A spokesperson for the Saxon regional ministry of justice confirmed that the Dresden State Prosecution Office was investigating whether German officials had illegally leaked official secrets to right-wing extremists.
"This matter must be clarified immediately, and the necessary legal consequences must be drawn," a statement by the ministry read.
"If the arrest warrant was leaked from the police to right-wing extremist circles, then we have a real problem to address," Martin Dulig, deputy governor of Saxony, told press on Wednesday.
Judicial authorities have said that the document shared online is genuine.

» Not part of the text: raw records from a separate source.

(* Let $r\in\mathbb R$ and $\lambda\in\mathbb O$ with $r^2+|\lambda|^2=1$. The map $\mathcal R_{r,\lambda}:U_1/_\sim\to U_1/_\sim$, $[1,u,v]\mapsto[1,\ ru+\lambda v,\ \bar\lambda u-rv]$, is an isometry of $U_1/_\sim\subset\mathbb OP^2$ with the metric $g$.
   Context: Octonions: $\mathbb O=\mathbb H\oplus\mathbb H$ with product $(q_1,q_2)(p_1,p_2)=(q_1p_1-\bar p_2q_2,\ p_2q_1+q_2\bar p_1)$, conjugation $\overline{(q_1,q_2)}=(\bar q_1,-q_2)$, $\mathrm{Re}$ the real part, $\langle a,b\rangle=\mathrm{Re}(a\bar b)$, $|a|^2=\langle a,a\rangle$. $\mathbb OP^2=\mathcal U/_\sim$ with $\mathcal U=(\{1\}\times\mathbb O^2)\cup(\mathbb O\times\{1\}\times\mathbb O)\cup(\mathbb O^2\times\{1\})$ and $[a,b,c]\sim[d,e,f]$ iff $(a,b,c)=(d\lambda,e\lambda,f\lambda)$ for some $\lambda\in\mathbb O\setminus\{0\}$; $U_1/_\sim=\{[1,u,v]\}$ is identified with $\mathbb O^2$ via $(u,v)$. The metric $g$ on this chart is the one with quadratic form, for tangent vector $(du,dv)=(\xi,\eta)$, $ds^2=\frac{|\xi|^2(1+|v|^2)+|\eta|^2(1+|u|^2)-2\mathrm{Re}[(u\bar v)(\eta\bar\xi)]}{(1+|u|^2+|v|^2)^2}$ (and the same formula in the other two charts $[u,1,v]\mapsto(u,v)$, $[u,v,1]\mapsto(u,v)$). *)

From Stdlib Require Import Reals Lra.
From Coquelicot Require Import Coquelicot.
Open Scope R_scope.

(* Quaternions a + b i + c j + d k as ((a,b),(c,d)); octonions as pairs of
   quaternions (Cayley–Dickson, conventions of the paper); the chart
   U_1/~ = O^2 as pairs of octonions.  Using nested products of R gives the
   canonical Coquelicot NormedModule structures (i.e. R^16). *)
Definition quat := ((R * R) * (R * R))%type.
Definition oct := (quat * quat)%type.
Definition pt := (oct * oct)%type.

Definition mkq (a b c d : R) : quat := ((a, b), (c, d)).
Definition q0 (q : quat) : R := fst (fst q).
Definition q1 (q : quat) : R := snd (fst q).
Definition q2 (q : quat) : R := fst (snd q).
Definition q3 (q : quat) : R := snd (snd q).

Definition qadd (p q : quat) : quat :=
  mkq (q0 p + q0 q) (q1 p + q1 q) (q2 p + q2 q) (q3 p + q3 q).
Definition qopp (p : quat) : quat := mkq (- q0 p) (- q1 p) (- q2 p) (- q3 p).
Definition qscal (r : R) (p : quat) : quat :=
  mkq (r * q0 p) (r * q1 p) (r * q2 p) (r * q3 p).
Definition qconj (p : quat) : quat := mkq (q0 p) (- q1 p) (- q2 p) (- q3 p).
Definition qmul (p q : quat) : quat :=
  mkq (q0 p * q0 q - q1 p * q1 q - q2 p * q2 q - q3 p * q3 q)
      (q0 p * q1 q + q1 p * q0 q + q2 p * q3 q - q3 p * q2 q)
      (q0 p * q2 q - q1 p * q3 q + q2 p * q0 q + q3 p * q1 q)
      (q0 p * q3 q + q1 p * q2 q - q2 p * q1 q + q3 p * q0 q).

Definition oadd (a b : oct) : oct := (qadd (fst a) (fst b), qadd (snd a) (snd b)).
Definition oopp (a : oct) : oct := (qopp (fst a), qopp (snd a)).
Definition osub (a b : oct) : oct := oadd a (oopp b).
Definition oscal (r : R) (a : oct) : oct := (qscal r (fst a), qscal r (snd a)).
Definition oconj (a : oct) : oct := (qconj (fst a), qopp (snd a)).
Definition omul (a b : oct) : oct :=
  let (x1, x2) := a in let (y1, y2) := b in
  (qadd (qmul x1 y1) (qopp (qmul (qconj y2) x2)),
   qadd (qmul y2 x1) (qmul x2 (qconj y1))).
Definition oRe (a : oct) : R := q0 (fst a).
Definition oinner (a b : oct) : R := oRe (omul a (oconj b)).
Definition onorm2 (a : oct) : R := oinner a a.

(* The quadratic form of the metric g at the point (u,v) of the chart
   U_1/~ = O^2, evaluated on the tangent vector (xi,eta). *)
Definition ds2 (p X : pt) : R :=
  let (u, v) := p in let (xi, eta) := X in
  (onorm2 xi * (1 + onorm2 v) + onorm2 eta * (1 + onorm2 u)
   - 2 * oRe (omul (omul u (oconj v)) (omul eta (oconj xi))))
  / (1 + onorm2 u + onorm2 v) ^ 2.

Definition Rmap (r : R) (l : oct) (p : pt) : pt :=
  let (u, v) := p in
  (oadd (oscal r u) (omul l v), osub (omul (oconj l) u) (oscal r v)).

Definition is_isometry (F : pt -> pt) : Prop :=
  (exists G : pt -> pt, (forall p, G (F p) = p) /\ (forall p, F (G p) = p)) /\
  (forall p : pt, exists L : pt -> pt,
      filterdiff F (locally p) L /\
      (forall X : pt, ds2 (F p) (L X) = ds2 p X)).

From Stdlib Require Import Reals Lra.
From Coquelicot Require Import Coquelicot.
Open Scope R_scope.

(* R_{r,l} is R-linear, hence its own differential, and it squares to
   multiplication by r^2 + |l|^2 = 1, hence it is bijective.  For the metric,
   put u' = r u + l v, v' = conj(l) u - r v and c = <u conj(v), l>.  A
   coordinate computation in O (which sidesteps non-associativity) gives
   |u'|^2 = r^2 |u|^2 + |l|^2 |v|^2 + 2 r c,
   |v'|^2 = |l|^2 |u|^2 + r^2 |v|^2 - 2 r c and
   u' conj(v') = (r (|u|^2 - |v|^2) + 2 c) l - u conj(v),
   and likewise for the tangent vector (xi, eta).  As
   Re((u conj v)(eta conj xi)) = <u conj(v), xi conj(eta)>, both sides of ds^2
   become the same rational function of r, the norms of u, v, xi, eta, and the
   inner products of u conj(v), xi conj(eta) and l. *)

Definition linear_maps_bounded (U : NormedModule R_AbsRing) : Prop :=
  forall (V : NormedModule R_AbsRing) (f : U -> V),
    (forall x y, f (plus x y) = plus (f x) (f y)) ->
    (forall k x, f (scal k x) = scal k (f x)) ->
    is_linear f.

Lemma linear_maps_bounded_R : linear_maps_bounded R_NormedModule.
Proof.
  intros V f f_plus f_scal; split; [exact f_plus | exact f_scal |].
  exists (norm (f 1) + 1); split; [pose proof (norm_ge_0 (f 1)); lra |].
  intros x.
  replace (f x) with (scal x (f 1))
    by (rewrite <- f_scal; f_equal; apply Rmult_1_r).
  eapply Rle_trans; [apply (@norm_scal R_AbsRing V) |].
  change (abs x) with (norm x); rewrite Rmult_comm.
  apply Rmult_le_compat_r; [apply norm_ge_0 | lra].
Qed.

Lemma linear_maps_bounded_prod (U W : NormedModule R_AbsRing) :
  linear_maps_bounded U -> linear_maps_bounded W ->
  linear_maps_bounded (prod_NormedModule R_AbsRing U W).
Proof.
  intros HU HW V f f_plus f_scal; split; [exact f_plus | exact f_scal |].
  assert (lin_l : is_linear (fun x : U => f (x, zero))).
  { apply HU.
    - intros x y; rewrite <- f_plus.
      change (plus (x, zero) (y, zero)) with (plus x y, plus (zero : W) zero).
      now rewrite plus_zero_l.
    - intros k x; rewrite <- f_scal.
      change (scal k (x, zero)) with (scal k x, scal k (zero : W)).
      now rewrite (@scal_zero_r R_Ring). }
  assert (lin_r : is_linear (fun y : W => f (zero, y))).
  { apply HW.
    - intros x y; rewrite <- f_plus.
      change (plus (zero, x) (zero, y)) with (plus (zero : U) zero, plus x y).
      now rewrite plus_zero_l.
    - intros k x; rewrite <- f_scal.
      change (scal k (zero, x)) with (scal k (zero : U), scal k x).
      now rewrite (@scal_zero_r R_Ring). }
  destruct (linear_norm _ lin_l) as [Ml [Ml_pos Hl]].
  destruct (linear_norm _ lin_r) as [Mr [Mr_pos Hr]].
  exists (Ml + Mr); split; [lra |].
  intros [x y].
  replace (f (x, y)) with (plus (f (x, zero)) (f (zero, y)))
    by (rewrite <- f_plus;
        change (plus (x, zero) (zero, y)) with (plus x (zero : U), plus (zero : W) y);
        now rewrite plus_zero_r, plus_zero_l).
  eapply Rle_trans; [apply norm_triangle |].
  specialize (Hl x); specialize (Hr y).
  pose proof (norm_le_prod_norm_1 (x, y)); pose proof (norm_le_prod_norm_2 (x, y)).
  cbn [fst snd] in *.
  nra.
Qed.

(* The real operations and numerals are kept folded so that [lazy] only
   unfolds the octonion and Coquelicot structure, leaving a goal for [ring]. *)
Ltac oct_ring :=
  intros;
  repeat match goal with
  | p : pt |- _ => destruct p as [? ?]
  | x : oct |- _ => destruct x as [[[? ?] [? ?]] [[? ?] [? ?]]]
  end;
  lazy -[Rplus Rminus Rmult Ropp pow IZR];
  repeat match goal with |- (_, _) = (_, _) => f_equal end;
  ring.

Lemma oinner_comm (x y : oct) : oinner x y = oinner y x.
Proof. oct_ring. Qed.

Lemma oRe_omul_conj (a x y : oct) :
  oRe (omul a (omul y (oconj x))) = oinner a (omul x (oconj y)).
Proof. oct_ring. Qed.

Lemma oinner_osub_oscal (a b s : R) (l x y : oct) :
  oinner (osub (oscal a l) (oscal s x)) (osub (oscal b l) (oscal s y)) =
  a * b * onorm2 l - a * s * oinner l y - b * s * oinner x l + s ^ 2 * oinner x y.
Proof. oct_ring. Qed.

Lemma Rmap_plus (r : R) (l : oct) (p q : pt) :
  Rmap r l (plus p q) = plus (Rmap r l p) (Rmap r l q).
Proof. oct_ring. Qed.

Lemma Rmap_scal (r : R) (l : oct) (k : R) (p : pt) :
  Rmap r l (scal k p) = scal k (Rmap r l p).
Proof. oct_ring. Qed.

Lemma Rmap_is_linear (r : R) (l : oct) : is_linear (Rmap r l).
Proof.
  apply linear_maps_bounded_prod; [.. | apply Rmap_plus | apply Rmap_scal];
  repeat apply linear_maps_bounded_prod; apply linear_maps_bounded_R.
Qed.

Lemma Rmap_involutive (r : R) (l : oct) (p : pt) :
  Rmap r l (Rmap r l p) = scal (r ^ 2 + onorm2 l) p.
Proof. oct_ring. Qed.

Lemma onorm2_Rmap_fst (r : R) (l u v : oct) :
  onorm2 (oadd (oscal r u) (omul l v)) =
  r ^ 2 * onorm2 u + onorm2 l * onorm2 v + 2 * r * oinner (omul u (oconj v)) l.
Proof. oct_ring. Qed.

Lemma onorm2_Rmap_snd (r : R) (l u v : oct) :
  onorm2 (osub (omul (oconj l) u) (oscal r v)) =
  onorm2 l * onorm2 u + r ^ 2 * onorm2 v - 2 * r * oinner (omul u (oconj v)) l.
Proof. oct_ring. Qed.

Lemma omul_Rmap_conj (r : R) (l u v : oct) :
  omul (oadd (oscal r u) (omul l v)) (oconj (osub (omul (oconj l) u) (oscal r v))) =
  osub (oscal (r * (onorm2 u - onorm2 v) + 2 * oinner (omul u (oconj v)) l) l)
       (oscal (r ^ 2 + onorm2 l) (omul u (oconj v))).
Proof. oct_ring. Qed.

Lemma ds2_Rmap (r : R) (l : oct) (p X : pt) :
  r ^ 2 + onorm2 l = 1 -> ds2 (Rmap r l p) (Rmap r l X) = ds2 p X.
Proof.
  intros Hs; destruct p as [u v], X as [xi eta]; cbv [ds2 Rmap].
  rewrite !oRe_omul_conj, !omul_Rmap_conj, oinner_osub_oscal, (oinner_comm l).
  rewrite !onorm2_Rmap_fst, !onorm2_Rmap_snd, Hs.
  replace (onorm2 l) with (1 - r ^ 2) by lra.
  unfold Rdiv; f_equal; [ring | f_equal; ring].
Qed.

Theorem proposition4p1 (r : R) (l : oct) :
  r ^ 2 + onorm2 l = 1 -> is_isometry (Rmap r l).
Proof.
  intros Hs; split.
  - exists (Rmap r l); split; intros p; rewrite Rmap_involutive, Hs; exact (scal_one p).
  - intros p; exists (Rmap r l); split.
    + apply filterdiff_linear, Rmap_is_linear.
    + intros X; apply ds2_Rmap, Hs.
Qed.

Awkwardly for Dulig's government, the incident follows closely on the heels of the so-called "Pegizei" scandal in Saxony in which the state criminal police office stands accused of maintaining close ties with far-right groups and undermining press freedom.
The warrant in question was delivered to a 22-year-old Iraqi national who is believed by authorities to have played a part in a fatal knife attack on a 35-year-old German during a violent brawl which erupted at the Chemnitz "City Festival" on Sunday. The incident sparked two days of widely-publicized violent demonstrations organized spontaneously in the East German town by several far-right organizations.
According to the latest estimates, as many as many as 6,000 individuals assembled during the first rally. On Tuesday, at least 20 people were left injured in clashes between far-right and anti-Nazi rallies.
The Iraqi national, together with a 23-year-old Syrian, is currently being reprimanded in custody by German authorities in the course of their investigation into the Chemnitz murder case.